Radarloveguy, thank you for that survivor story excerpt. It is a vivid reminder that without access to such memoirs, it's much harder to make sense of, or to forgive, or certainly to heal from such a history, for anyone, regardless of the point of view one uses.

My conclusions and responses so far:

1. Danke, for example, asks, "what would you consider competent coverage?" Goretex, for example, reminds us that "the spin on the event is typical of history being written by the victor..." Agreed, so "competent coverage" by journalists includes a review of at least the major different perspectives on the A-bombings. Competent coverage also includes an awareness of the the longterm US censorship of much material related to these bombings and their aftermath. Interestingly, some US censorahip continues even in 2015 ... I have uncovered a number of books of survivor accounts that are still unavailable in the USA. And how many people know that some books on this subject are still seized at US Customs points of entry into the USA as of 2015? The problem with a US information blackout on any subject is that it makes it difficult to even begin a conversation on that censorship, which is apparently the point of that censorship.

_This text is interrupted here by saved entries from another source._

(* For every $k\in[n]$ and every signaling scheme $\mathcal{Z}'$ for $\mathcal{D}$, \[\int_0^{F_{\mathcal{D}}(v_k)} s_{\mathcal{Z}'}(x)\,dx\ \le\ V_k-\max_{i\in[k]}\Big\{v_i\sum_{j=i}^k f_{\mathcal{D}}(v_j)\Big\},\qquad\text{where } V_k=\sum_{i=1}^k v_i f_{\mathcal{D}}(v_i).\]
   Context: Values and prior. $0<v_1<\dots<v_n$ are reals, and $v_0:=0$. $\mathcal{D}$ is a distribution on $\{v_1,\dots,v_n\}$ with $f_{\mathcal{D}}(v_i)>0$ and CDF $F_{\mathcal{D}}$. Signals and pricing. A signal is a distribution $S$ on these values, with $G_S(p)=\Pr_{v\sim S}[v\ge p]$. The seller posts $p^*_S$, the smallest $v$ in the support of $S$ maximizing $v\,G_S(v)$. The surplus of value $v$ is $cs_v(S)=\mathbb{1}[v\ge p^*_S](v-p^*_S)$. Signaling schemes. A signaling scheme is $\mathcal{Z}=\{(S_q,\gamma_q)\}_{q\in[Q]}$ with $\gamma_q\ge0$, $\sum\gamma_q=1$ and $\sum_q\gamma_q f_{S_q}=f_{\mathcal{D}}$. Its expected consumer surplus at $v_i$ is $cs_{v_i}(\mathcal{Z})=\sum_q cs_{v_i}(S_q)\gamma_q f_{S_q}(v_i)/f_{\mathcal{D}}(v_i)$. The surplus-mass function $s_{\mathcal{Z}}$ on $(0,1]$ equals $cs_{v_i}(\mathcal{Z})$ on $(F_{\mathcal{D}}(v_{i-1}),F_{\mathcal{D}}(v_i)]$. In particular, $\int_0^{F_{\mathcal{D}}(v_k)}s_{\mathcal{Z}}=\sum_{i\le k}f_{\mathcal{D}}(v_i)\,cs_{v_i}(\mathcal{Z})$. *)

From HB Require Import structures.
From mathcomp Require Import all_boot all_order all_algebra.
Set Implicit Arguments. Unset Strict Implicit. Unset Printing Implicit Defensive.
Import Order.TTheory GRing.Theory Num.Theory.
Local Open Scope ring_scope.

(* Values v_1 < ... < v_n are represented by v : 'I_n -> R
   (ordinal i stands for the paper's index i+1).  A distribution on the
   values (the prior D, or a signal S) is a mass function 'I_n -> R. *)

Section Pricing.
Variables (R : realFieldType) (n : nat) (v : 'I_n -> R).

(* G_S(p) = Pr_{v ~ S}[v >= p], evaluated at p = v_i *)
Definition G (S : 'I_n -> R) (i : 'I_n) : R := \sum_(j | v i <= v j) S j.

Definition rev (S : 'I_n -> R) (i : 'I_n) : R := v i * G S i.

Definition is_opt (S : 'I_n -> R) (i : 'I_n) : bool :=
  (0 < S i) && [forall j : 'I_n, (0 < S j) ==> (rev S j <= rev S i)].

(* the index of p*_S: the smallest (equivalently, since v is increasing,
   the one with the smallest value) support point maximizing revenue *)
Definition price_idx (S : 'I_n -> R) : option 'I_n :=
  [pick i | is_opt S i && [forall j : 'I_n, (j < i)%N ==> ~~ is_opt S j]].

Definition cs (S : 'I_n -> R) (i : 'I_n) : R :=
  match price_idx S with
  | Some p => if v p <= v i then v i - v p else 0
  | None => 0
  end.

Definition is_distr (f : 'I_n -> R) : Prop :=
  (forall i, 0 <= f i) /\ \sum_i f i = 1.

Definition is_scheme (D : 'I_n -> R) (Q : nat)
    (S : 'I_Q -> 'I_n -> R) (gam : 'I_Q -> R) : Prop :=
  (forall q, is_distr (S q)) /\ (forall q, 0 <= gam q) /\
  \sum_q gam q = 1 /\ (forall i, \sum_q gam q * S q i = D i).

Definition cs_scheme (D : 'I_n -> R) (Q : nat)
    (S : 'I_Q -> 'I_n -> R) (gam : 'I_Q -> R) (i : 'I_n) : R :=
  \sum_q cs (S q) i * gam q * S q i / D i.

(* int_0^{F_D(v_k)} s_Z(x) dx, for the step function s_Z which equals
   cs_{v_i}(Z) on (F_D(v_{i-1}), F_D(v_i)] (an interval of length f_D(v_i)) *)
Definition surplus_integral (D : 'I_n -> R) (Q : nat)
    (S : 'I_Q -> 'I_n -> R) (gam : 'I_Q -> R) (k : 'I_n) : R :=
  \sum_(i : 'I_n | (i <= k)%N) D i * cs_scheme D S gam i.

Definition Vk (D : 'I_n -> R) (k : 'I_n) : R :=
  \sum_(i : 'I_n | (i <= k)%N) v i * D i.

(* max_{i in [k]} v_i * sum_{j=i}^k f_D(v_j)  (all terms are positive,
   so 0 is a harmless neutral element for the max) *)
Definition maxterm (D : 'I_n -> R) (k : 'I_n) : R :=
  \big[Num.max/0]_(i : 'I_n | (i <= k)%N)
     (v i * \sum_(j : 'I_n | (i <= j <= k)%N) D j).

End Pricing.

From HB Require Import structures.
From mathcomp Require Import all_boot all_order all_algebra.
From mathcomp Require Import ring lra.
Set Implicit Arguments. Unset Strict Implicit. Unset Printing Implicit Defensive.
Import Order.TTheory GRing.Theory Num.Theory.
Local Open Scope ring_scope.

(* For a single signal S, the mass that the values v_m, ..., v_k keep out of
   the buyer's surplus is at least v_m times their mass: either the price is
   above v_m, and each of them loses at least v_m, or it is some v_p <= v_m,
   and then they lose v_p each, while optimality of the price gives
   v_m G_S(v_m) <= v_p G_S(v_p), i.e. v_m (mass of [v_m, v_k]) is at most
   v_p (mass of [v_p, v_k]) after cancelling the common tail above v_k.
   Both V_k - \int s_Z and v_m (mass of [v_m, v_k] under D) are linear in the
   decomposition D = sum_q gamma_q S_q, so the bound averages to the scheme. *)

Definition window {V : nmodType} {n : nat} (f : 'I_n -> V) (l k : 'I_n) : V :=
  \sum_(j : 'I_n | (l <= j <= k)%N) f j.

Section Signal.
Variables (R : realFieldType) (n : nat) (v : 'I_n -> R).
Hypothesis v_pos : forall i, 0 < v i.
Hypothesis v_incr : forall i j : 'I_n, (i < j)%N -> v i < v j.

Lemma le_v i j : (v i <= v j) = (i <= j)%N.
Proof.
case: (ltngtP i j) => [ij | ji | /val_inj ->]; last exact: lexx.
- by rewrite ltW ?v_incr.
- by apply/negbTE; rewrite -ltNge v_incr.
Qed.

Lemma G_tail S i : G v S i = \sum_(j : 'I_n | (i <= j)%N) S j.
Proof. by apply: eq_bigl => j; rewrite le_v. Qed.

Lemma G_split S (l k : 'I_n) : (l <= k)%N ->
  G v S l = window S l k + \sum_(j : 'I_n | (k < j)%N) S j.
Proof.
move=> lk; rewrite G_tail /window (bigID (fun j : 'I_n => (j <= k)%N)) /=.
congr (_ + _); apply: eq_bigl => j.
by rewrite -ltnNge andb_idl // => /ltnW; exact: leq_trans lk.
Qed.

Lemma G_skip_null S (m j : 'I_n) : (m <= j)%N ->
  (forall i : 'I_n, (m <= i < j)%N -> S i = 0) -> G v S m = G v S j.
Proof.
move=> mj null; rewrite !G_tail (bigID (fun i : 'I_n => (j <= i)%N)) /=.
rewrite [X in _ + X]big1 ?addr0 => [|i /andP[mi]]; last first.
  by rewrite -ltnNge => ij; apply: null; rewrite mi.
by apply: eq_bigl => i; rewrite andb_idl // => /(leq_trans mj).
Qed.

Section Price.
Variables (S : 'I_n -> R) (p : 'I_n).
Hypothesis S_ge0 : forall i, 0 <= S i.
Hypothesis price_p : price_idx v S = Some p.

Lemma price_idx_opt : is_opt v S p.
Proof.
by move: price_p; rewrite /price_idx; case: pickP => // i /andP[? _] [<-].
Qed.

(* The revenue is maximized over the support only; off the support G is
   constant up to the next support point, or 0 past the last one. *)
Lemma rev_le_price (m : 'I_n) : v m * G v S m <= v p * G v S p.
Proof.
have /andP[_ /forallP opt] := price_idx_opt.
pose supp_above (j : 'I_n) := (m <= j)%N && (0 < S j).
have [j0 j0P | no_supp] := pickP supp_above; last first.
  rewrite G_tail big1 ?mulr0 => [|i mi]; last first.
    apply/eqP; rewrite eq_le S_ge0 andbT leNgt.
    by move: (no_supp i); rewrite /supp_above mi /= => ->.
  by apply: mulr_ge0; [exact: ltW | exact: sumr_ge0].
case: (arg_minnP val j0P) => j /andP[mj Sj] jmin.
have G_mj : G v S m = G v S j.
  apply: G_skip_null => // i /andP[mi ij]; apply/eqP.
  rewrite eq_le S_ge0 andbT leNgt; apply: contraTN ij => Si.
  by rewrite -leqNgt jmin //; apply/andP.
apply: le_trans (implyP (opt j) Sj).
by rewrite G_mj ler_wpM2r ?le_v ?sumr_ge0.
Qed.

Lemma v_sub_cs_price i : v i - cs v S i = Num.min (v p) (v i).
Proof.
rewrite /cs price_p; case: leP => _; last exact: subr0.
by rewrite opprB addrC subrK.
Qed.

End Price.

Lemma v_sub_cs_ge0 S i : 0 <= v i - cs v S i.
Proof.
case price_p: (price_idx v S) => [p|]; last by rewrite /cs price_p subr0 ltW.
by rewrite (v_sub_cs_price price_p) le_min !ltW.
Qed.

Definition surplus_gap (S : 'I_n -> R) (k : 'I_n) : R :=
  \sum_(i : 'I_n | (i <= k)%N) S i * (v i - cs v S i).

Section Gap.
Variable S : 'I_n -> R.
Hypothesis S_ge0 : forall i, 0 <= S i.

Lemma surplus_gap_ge0 k : 0 <= surplus_gap S k.
Proof. by apply: sumr_ge0 => i _; rewrite mulr_ge0 ?v_sub_cs_ge0. Qed.

Lemma surplus_gap_ge_window (c : R) (l k : 'I_n) :
  (forall i : 'I_n, (l <= i <= k)%N -> c <= v i - cs v S i) ->
  c * window S l k <= surplus_gap S k.
Proof.
move=> c_le; rewrite /surplus_gap (bigID (fun i : 'I_n => (l <= i)%N)) /=.
apply: ler_wpDr; first by apply: sumr_ge0 => i _; rewrite mulr_ge0 ?v_sub_cs_ge0.
rewrite mulr_sumr; under [X in _ <= X]eq_bigl do rewrite andbC.
by apply: ler_sum => i lik; rewrite mulrC ler_wpM2l ?c_le.
Qed.

Lemma window_le_surplus_gap (m k : 'I_n) : (m <= k)%N ->
  v m * window S m k <= surplus_gap S k.
Proof.
move=> mk; case price_p: (price_idx v S) => [p|]; last first.
  by apply: surplus_gap_ge_window => i /andP[mi _]; rewrite /cs price_p subr0 le_v.
have [pm | mp] := leqP p m; last first.
  apply: surplus_gap_ge_window => i /andP[mi _].
  by rewrite (v_sub_cs_price price_p) le_min !le_v mi ltnW.
apply: le_trans (surplus_gap_ge_window (l := p) (c := v p) _); last first.
  by move=> i /andP[pi _]; rewrite (v_sub_cs_price price_p) min_l // le_v.
have := rev_le_price S_ge0 price_p m.
rewrite (G_split _ mk) (G_split _ (leq_trans pm mk)).
set T := \sum_(j : 'I_n | (k < j)%N) S j.
have : v p * T <= v m * T by rewrite ler_wpM2r ?le_v ?sumr_ge0.
rewrite !mulrDr; lra.
Qed.

End Gap.
End Signal.

Section Scheme.
Variables (R : realFieldType) (n Q : nat) (D : 'I_n -> R).
Variables (S : 'I_Q -> 'I_n -> R) (gam : 'I_Q -> R).
Hypothesis D_mix : forall i, \sum_q gam q * S q i = D i.

Lemma window_mix (l k : 'I_n) : window D l k = \sum_q gam q * window (S q) l k.
Proof.
rewrite /window; under eq_bigr do rewrite -D_mix.
by rewrite exchange_big; apply: eq_bigr => q _; rewrite mulr_sumr.
Qed.

Lemma Vk_sub_surplus_integral (v : 'I_n -> R) (k : 'I_n) :
  (forall i, D i != 0) ->
  Vk v D k - surplus_integral v D S gam k = \sum_q gam q * surplus_gap v (S q) k.
Proof.
move=> D_neq0; rewrite /Vk /surplus_integral /cs_scheme -sumrB.
under [RHS]eq_bigr do rewrite /surplus_gap mulr_sumr.
rewrite exchange_big; apply: eq_bigr => i _.
rewrite [X in _ - X]mulr_sumr -[X in v i * X]D_mix mulr_sumr -sumrB.
by apply: eq_bigr => q _; field; apply: D_neq0.
Qed.

End Scheme.

Theorem lemma3 (R : realFieldType) (n : nat) (v : 'I_n -> R) (D : 'I_n -> R)
  (v_pos : forall i, 0 < v i)
  (v_incr : forall i j : 'I_n, (i < j)%N -> v i < v j)
  (D_pos : forall i, 0 < D i)
  (D_sum : \sum_i D i = 1)
  (k : 'I_n) (Q : nat) (S : 'I_Q -> 'I_n -> R) (gam : 'I_Q -> R)
  (hZ : is_scheme D S gam) :
  surplus_integral v D S gam k <= Vk v D k - maxterm v D k.
Proof.
case: hZ => S_distr [gam_ge0 [_ D_mix]].
have S_ge0 q : forall i, 0 <= S q i by case: (S_distr q).
have D_neq0 i : D i != 0 by exact: lt0r_neq0.
suff : maxterm v D k <= Vk v D k - surplus_integral v D S gam k by lra.
rewrite (Vk_sub_surplus_integral D_mix) //; apply: bigmax_le => [|m mk].
  apply: sumr_ge0 => q _.
  exact: mulr_ge0 (gam_ge0 q) (surplus_gap_ge0 v_pos (S_ge0 q) k).
rewrite -/(window D m k) (window_mix D_mix) mulr_sumr; apply: ler_sum => q _.
by rewrite mulrCA ler_wpM2l ?(window_le_surplus_gap v_pos v_incr (S_ge0 q)).
Qed.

An academic book (published at a Swedish university) documents much post-1945 US censorship of such materials, in that case referring to the seizure of manuscripts and the prevention of publication.

On the issue of the competency of media coverage, I therefore conclude that biased and incomplete US reporting of the A-bombings and their aftermath is still the norm. Sadly, this pattern extends even to new US academic books on this subject, the exception being The Myths of August, by Stewart Udall. Udall, for example, uses newly declassified US government documents to pinpoint which US official ordered both A-bombings (Hint: It wasn't Truman).

...My replies are to be continued ... bye for now.